# Task item
Take the line containing "From mathcomp Require Import ring" and every line after it in the data below, and print them exactly as given, with nothing else.

# Records for the exercise
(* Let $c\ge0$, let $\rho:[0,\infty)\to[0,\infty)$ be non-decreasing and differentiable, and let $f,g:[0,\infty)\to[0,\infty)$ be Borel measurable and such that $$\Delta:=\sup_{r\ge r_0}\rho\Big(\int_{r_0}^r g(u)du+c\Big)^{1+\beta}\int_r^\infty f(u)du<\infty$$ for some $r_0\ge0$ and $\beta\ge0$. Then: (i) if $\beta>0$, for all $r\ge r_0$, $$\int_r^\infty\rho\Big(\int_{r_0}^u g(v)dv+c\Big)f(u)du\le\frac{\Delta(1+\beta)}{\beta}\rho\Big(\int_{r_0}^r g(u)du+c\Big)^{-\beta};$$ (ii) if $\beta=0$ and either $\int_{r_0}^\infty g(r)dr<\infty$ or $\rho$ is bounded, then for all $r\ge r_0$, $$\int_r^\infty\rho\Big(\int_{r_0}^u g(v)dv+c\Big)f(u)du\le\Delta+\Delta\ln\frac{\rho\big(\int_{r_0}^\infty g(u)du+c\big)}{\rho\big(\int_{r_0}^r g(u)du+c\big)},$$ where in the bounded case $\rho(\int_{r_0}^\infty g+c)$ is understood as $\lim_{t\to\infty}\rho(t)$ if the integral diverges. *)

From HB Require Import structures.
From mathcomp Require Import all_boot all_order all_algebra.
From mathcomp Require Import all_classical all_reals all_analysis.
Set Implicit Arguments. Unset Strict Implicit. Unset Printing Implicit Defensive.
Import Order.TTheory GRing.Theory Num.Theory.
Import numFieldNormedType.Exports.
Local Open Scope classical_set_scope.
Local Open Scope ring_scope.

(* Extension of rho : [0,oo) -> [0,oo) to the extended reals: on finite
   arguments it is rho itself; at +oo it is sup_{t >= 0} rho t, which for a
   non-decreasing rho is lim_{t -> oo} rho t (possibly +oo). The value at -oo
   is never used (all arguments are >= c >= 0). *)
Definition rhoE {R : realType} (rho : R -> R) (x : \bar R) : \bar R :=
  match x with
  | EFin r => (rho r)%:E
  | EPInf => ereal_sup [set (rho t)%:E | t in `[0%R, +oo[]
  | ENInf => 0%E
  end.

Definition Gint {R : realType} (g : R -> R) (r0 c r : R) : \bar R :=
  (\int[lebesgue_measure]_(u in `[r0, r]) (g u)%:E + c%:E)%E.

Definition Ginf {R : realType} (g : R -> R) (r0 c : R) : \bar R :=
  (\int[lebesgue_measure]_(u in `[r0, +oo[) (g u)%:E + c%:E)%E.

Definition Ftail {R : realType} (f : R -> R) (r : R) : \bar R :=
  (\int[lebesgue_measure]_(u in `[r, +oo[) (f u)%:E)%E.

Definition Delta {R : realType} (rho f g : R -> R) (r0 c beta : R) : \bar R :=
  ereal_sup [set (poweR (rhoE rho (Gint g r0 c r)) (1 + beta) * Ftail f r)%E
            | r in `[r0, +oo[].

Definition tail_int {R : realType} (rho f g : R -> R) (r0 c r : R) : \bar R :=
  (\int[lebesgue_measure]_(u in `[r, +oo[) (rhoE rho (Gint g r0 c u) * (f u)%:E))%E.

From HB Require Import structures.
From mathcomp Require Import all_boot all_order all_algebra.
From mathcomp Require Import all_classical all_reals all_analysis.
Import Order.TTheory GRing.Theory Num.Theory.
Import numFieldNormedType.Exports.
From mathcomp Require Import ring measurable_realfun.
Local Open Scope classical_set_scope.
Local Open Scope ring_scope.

# Output for this exercise
From mathcomp Require Import ring measurable_realfun.
Local Open Scope classical_set_scope.
Local Open Scope ring_scope.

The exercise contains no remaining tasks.